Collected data

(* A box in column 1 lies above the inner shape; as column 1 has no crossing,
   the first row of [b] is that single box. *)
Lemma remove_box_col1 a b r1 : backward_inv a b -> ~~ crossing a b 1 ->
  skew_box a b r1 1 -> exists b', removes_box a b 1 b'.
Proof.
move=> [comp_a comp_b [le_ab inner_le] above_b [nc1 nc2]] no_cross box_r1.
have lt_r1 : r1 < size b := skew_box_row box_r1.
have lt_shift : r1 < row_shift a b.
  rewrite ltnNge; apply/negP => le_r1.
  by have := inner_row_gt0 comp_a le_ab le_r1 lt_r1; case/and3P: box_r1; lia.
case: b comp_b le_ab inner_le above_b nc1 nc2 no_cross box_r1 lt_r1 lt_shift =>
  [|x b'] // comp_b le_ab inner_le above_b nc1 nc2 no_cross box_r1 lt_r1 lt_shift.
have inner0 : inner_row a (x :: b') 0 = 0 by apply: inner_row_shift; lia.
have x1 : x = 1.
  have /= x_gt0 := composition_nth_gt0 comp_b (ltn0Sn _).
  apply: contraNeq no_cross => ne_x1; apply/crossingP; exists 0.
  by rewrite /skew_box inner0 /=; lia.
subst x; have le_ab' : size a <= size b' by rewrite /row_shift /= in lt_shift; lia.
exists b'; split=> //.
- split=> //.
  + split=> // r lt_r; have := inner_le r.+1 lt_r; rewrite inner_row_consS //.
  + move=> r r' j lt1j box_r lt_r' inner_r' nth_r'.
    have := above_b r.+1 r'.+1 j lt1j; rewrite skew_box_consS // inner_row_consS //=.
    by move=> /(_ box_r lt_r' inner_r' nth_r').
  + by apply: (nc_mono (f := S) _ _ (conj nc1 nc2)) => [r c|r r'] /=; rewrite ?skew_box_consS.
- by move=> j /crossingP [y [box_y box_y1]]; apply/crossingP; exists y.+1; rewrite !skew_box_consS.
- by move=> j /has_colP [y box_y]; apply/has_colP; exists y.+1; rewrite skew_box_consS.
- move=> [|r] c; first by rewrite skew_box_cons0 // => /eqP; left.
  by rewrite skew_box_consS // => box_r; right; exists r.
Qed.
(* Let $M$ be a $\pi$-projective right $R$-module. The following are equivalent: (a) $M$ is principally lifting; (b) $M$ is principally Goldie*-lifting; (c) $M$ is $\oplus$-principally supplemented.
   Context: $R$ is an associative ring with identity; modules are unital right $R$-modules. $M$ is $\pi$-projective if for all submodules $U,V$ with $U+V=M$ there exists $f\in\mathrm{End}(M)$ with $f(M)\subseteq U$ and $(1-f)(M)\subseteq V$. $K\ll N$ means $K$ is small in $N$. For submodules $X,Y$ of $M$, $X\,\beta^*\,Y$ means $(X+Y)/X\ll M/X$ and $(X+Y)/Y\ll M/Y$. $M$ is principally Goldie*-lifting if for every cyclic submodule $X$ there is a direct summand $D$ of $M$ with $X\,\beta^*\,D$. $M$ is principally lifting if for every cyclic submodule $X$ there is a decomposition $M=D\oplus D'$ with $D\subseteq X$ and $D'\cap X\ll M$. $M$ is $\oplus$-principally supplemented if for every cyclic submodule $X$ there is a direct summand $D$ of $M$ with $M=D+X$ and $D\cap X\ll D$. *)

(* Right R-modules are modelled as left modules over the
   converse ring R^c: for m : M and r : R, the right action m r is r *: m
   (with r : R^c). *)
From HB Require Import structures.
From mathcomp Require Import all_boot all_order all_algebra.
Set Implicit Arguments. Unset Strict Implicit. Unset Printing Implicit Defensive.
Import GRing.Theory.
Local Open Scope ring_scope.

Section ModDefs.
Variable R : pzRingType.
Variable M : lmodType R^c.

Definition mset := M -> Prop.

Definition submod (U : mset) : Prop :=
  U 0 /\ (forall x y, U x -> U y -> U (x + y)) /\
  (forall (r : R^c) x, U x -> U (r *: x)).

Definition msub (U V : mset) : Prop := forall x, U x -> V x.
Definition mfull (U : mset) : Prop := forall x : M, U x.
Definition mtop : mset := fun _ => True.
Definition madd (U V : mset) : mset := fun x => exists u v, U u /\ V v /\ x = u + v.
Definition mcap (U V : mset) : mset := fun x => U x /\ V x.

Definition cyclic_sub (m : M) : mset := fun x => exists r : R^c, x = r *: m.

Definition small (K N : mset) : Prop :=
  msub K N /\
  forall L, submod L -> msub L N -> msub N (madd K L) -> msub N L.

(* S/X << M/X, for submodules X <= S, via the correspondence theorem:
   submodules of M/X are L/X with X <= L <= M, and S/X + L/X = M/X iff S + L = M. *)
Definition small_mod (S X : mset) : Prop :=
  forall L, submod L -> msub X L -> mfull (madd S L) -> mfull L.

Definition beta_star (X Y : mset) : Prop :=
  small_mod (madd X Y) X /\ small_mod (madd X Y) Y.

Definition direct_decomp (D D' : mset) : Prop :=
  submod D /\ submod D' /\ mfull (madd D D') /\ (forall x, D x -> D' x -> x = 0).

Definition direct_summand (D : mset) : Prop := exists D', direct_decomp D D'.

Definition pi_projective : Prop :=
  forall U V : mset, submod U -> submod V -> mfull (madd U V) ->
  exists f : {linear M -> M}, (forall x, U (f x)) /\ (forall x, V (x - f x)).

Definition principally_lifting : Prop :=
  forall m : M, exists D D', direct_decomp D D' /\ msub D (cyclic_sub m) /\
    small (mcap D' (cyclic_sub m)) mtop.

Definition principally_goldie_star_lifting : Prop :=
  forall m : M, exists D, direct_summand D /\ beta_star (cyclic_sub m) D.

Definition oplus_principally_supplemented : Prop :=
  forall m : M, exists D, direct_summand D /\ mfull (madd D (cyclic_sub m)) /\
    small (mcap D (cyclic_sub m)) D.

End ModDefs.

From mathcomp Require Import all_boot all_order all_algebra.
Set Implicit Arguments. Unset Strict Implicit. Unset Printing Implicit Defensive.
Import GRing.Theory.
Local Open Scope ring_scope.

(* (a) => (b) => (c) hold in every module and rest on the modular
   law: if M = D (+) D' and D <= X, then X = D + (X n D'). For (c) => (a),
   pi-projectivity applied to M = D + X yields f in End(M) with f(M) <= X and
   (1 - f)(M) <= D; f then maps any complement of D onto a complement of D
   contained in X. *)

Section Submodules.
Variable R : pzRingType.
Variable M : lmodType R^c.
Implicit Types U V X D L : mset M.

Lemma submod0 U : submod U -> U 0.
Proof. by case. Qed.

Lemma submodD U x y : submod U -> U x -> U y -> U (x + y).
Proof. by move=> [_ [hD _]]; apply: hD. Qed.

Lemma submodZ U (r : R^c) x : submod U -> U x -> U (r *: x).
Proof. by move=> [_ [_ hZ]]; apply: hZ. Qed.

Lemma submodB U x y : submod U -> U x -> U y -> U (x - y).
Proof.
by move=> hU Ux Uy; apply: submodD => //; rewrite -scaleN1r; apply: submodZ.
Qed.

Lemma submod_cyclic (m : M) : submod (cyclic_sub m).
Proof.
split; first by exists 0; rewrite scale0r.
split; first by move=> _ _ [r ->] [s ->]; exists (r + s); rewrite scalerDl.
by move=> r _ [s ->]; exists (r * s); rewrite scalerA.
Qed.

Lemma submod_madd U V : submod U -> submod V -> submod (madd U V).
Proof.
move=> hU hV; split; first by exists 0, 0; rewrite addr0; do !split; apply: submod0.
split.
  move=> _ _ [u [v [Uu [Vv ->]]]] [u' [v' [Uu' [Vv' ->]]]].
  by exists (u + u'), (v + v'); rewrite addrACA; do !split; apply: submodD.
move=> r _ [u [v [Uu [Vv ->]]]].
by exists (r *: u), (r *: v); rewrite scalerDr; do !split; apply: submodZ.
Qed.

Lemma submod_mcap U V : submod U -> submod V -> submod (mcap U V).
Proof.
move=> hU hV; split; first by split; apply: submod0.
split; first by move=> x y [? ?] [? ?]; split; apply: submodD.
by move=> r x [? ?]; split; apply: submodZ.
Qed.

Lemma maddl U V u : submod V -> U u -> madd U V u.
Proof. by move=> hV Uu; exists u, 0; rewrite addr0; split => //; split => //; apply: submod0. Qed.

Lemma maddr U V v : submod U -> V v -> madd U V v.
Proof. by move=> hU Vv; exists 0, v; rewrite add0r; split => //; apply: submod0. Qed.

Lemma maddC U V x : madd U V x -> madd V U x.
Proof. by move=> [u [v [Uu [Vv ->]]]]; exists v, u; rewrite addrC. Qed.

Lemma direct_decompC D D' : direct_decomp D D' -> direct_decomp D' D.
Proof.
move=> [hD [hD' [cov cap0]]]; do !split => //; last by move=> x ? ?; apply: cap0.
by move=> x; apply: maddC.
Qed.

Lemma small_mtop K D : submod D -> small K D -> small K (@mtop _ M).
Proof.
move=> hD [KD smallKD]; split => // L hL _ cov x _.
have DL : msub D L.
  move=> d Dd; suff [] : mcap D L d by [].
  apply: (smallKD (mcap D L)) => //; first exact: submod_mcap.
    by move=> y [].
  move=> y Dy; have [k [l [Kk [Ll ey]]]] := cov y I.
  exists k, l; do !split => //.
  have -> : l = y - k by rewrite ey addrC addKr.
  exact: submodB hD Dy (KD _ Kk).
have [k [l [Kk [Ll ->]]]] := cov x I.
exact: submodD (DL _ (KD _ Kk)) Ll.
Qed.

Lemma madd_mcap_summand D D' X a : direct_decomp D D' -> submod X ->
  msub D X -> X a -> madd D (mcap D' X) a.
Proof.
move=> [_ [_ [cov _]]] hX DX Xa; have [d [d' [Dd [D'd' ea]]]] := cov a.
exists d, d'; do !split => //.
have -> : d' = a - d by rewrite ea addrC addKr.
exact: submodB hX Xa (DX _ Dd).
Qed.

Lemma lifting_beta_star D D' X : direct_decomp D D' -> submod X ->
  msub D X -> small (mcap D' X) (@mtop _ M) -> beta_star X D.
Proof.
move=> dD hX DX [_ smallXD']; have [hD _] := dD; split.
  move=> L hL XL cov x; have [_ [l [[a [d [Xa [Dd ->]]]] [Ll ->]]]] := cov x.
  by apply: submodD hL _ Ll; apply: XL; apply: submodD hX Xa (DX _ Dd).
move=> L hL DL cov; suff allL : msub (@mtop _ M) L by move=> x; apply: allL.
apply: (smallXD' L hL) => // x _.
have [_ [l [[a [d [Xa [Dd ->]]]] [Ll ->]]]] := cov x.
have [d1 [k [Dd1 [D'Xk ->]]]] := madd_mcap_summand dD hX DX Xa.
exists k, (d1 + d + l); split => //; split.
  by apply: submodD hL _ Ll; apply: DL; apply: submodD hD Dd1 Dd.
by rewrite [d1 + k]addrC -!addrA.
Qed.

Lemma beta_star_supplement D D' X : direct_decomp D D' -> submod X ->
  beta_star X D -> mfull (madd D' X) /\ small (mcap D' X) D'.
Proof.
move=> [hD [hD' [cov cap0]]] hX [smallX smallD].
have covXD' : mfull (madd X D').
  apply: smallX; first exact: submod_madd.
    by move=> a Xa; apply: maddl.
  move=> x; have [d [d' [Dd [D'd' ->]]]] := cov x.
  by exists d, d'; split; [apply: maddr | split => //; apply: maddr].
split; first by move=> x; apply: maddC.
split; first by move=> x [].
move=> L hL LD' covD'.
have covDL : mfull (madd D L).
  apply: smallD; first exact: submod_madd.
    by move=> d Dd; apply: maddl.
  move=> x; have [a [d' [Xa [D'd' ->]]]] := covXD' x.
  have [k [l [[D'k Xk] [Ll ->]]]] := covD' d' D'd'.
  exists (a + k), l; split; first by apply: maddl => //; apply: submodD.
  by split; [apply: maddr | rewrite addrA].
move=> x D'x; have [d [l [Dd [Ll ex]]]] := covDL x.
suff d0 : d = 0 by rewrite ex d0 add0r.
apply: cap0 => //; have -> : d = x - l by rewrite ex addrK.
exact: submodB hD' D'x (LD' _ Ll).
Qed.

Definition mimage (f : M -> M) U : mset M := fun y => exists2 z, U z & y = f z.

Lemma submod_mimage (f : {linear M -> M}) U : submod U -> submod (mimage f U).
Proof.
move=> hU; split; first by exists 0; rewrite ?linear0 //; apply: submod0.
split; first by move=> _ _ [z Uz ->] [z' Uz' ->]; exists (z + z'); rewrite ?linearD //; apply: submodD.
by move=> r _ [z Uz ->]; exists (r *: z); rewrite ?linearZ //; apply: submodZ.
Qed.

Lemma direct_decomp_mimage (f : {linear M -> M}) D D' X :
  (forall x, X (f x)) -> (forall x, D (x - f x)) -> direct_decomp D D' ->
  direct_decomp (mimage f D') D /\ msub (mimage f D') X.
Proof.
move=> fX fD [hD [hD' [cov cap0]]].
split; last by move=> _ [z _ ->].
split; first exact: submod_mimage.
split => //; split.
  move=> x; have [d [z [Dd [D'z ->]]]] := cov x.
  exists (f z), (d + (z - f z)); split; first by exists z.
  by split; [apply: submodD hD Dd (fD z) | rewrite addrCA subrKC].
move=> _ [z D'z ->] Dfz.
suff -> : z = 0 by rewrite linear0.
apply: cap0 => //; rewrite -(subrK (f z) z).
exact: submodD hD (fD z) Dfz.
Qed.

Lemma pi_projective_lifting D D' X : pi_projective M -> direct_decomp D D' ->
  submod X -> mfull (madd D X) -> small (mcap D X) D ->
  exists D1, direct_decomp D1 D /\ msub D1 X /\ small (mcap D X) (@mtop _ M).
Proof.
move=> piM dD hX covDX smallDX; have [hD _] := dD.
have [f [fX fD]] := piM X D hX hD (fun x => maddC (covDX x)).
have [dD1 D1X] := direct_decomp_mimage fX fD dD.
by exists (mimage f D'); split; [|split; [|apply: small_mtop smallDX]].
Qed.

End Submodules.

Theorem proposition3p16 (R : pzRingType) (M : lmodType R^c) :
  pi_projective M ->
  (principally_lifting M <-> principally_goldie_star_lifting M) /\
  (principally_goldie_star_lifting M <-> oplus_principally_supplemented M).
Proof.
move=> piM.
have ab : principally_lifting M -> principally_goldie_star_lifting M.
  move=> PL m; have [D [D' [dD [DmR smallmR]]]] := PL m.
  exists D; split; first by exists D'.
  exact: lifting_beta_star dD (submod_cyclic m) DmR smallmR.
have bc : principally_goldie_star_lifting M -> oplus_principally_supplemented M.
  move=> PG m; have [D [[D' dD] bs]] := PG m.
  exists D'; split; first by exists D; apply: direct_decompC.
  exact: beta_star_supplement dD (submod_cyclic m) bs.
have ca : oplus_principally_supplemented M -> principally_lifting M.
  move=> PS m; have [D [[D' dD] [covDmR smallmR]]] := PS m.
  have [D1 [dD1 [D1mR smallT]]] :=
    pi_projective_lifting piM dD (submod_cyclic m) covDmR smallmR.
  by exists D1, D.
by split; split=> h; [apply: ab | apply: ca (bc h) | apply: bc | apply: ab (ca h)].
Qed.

§ EXERCISE DESCRIPTION
In the entries above, find the line holding "Lemma beta_star_supplement D" and the line holding "exists (a +"; print both of them and every line between, exactly, and nothing else.

§ THE COMPLETED TASK
Lemma beta_star_supplement D D' X : direct_decomp D D' -> submod X ->
  beta_star X D -> mfull (madd D' X) /\ small (mcap D' X) D'.
Proof.
move=> [hD [hD' [cov cap0]]] hX [smallX smallD].
have covXD' : mfull (madd X D').
  apply: smallX; first exact: submod_madd.
    by move=> a Xa; apply: maddl.
  move=> x; have [d [d' [Dd [D'd' ->]]]] := cov x.
  by exists d, d'; split; [apply: maddr | split => //; apply: maddr].
split; first by move=> x; apply: maddC.
split; first by move=> x [].
move=> L hL LD' covD'.
have covDL : mfull (madd D L).
  apply: smallD; first exact: submod_madd.
    by move=> d Dd; apply: maddl.
  move=> x; have [a [d' [Xa [D'd' ->]]]] := covXD' x.
  have [k [l [[D'k Xk] [Ll ->]]]] := covD' d' D'd'.
  exists (a + k), l; split; first by apply: maddl => //; apply: submodD.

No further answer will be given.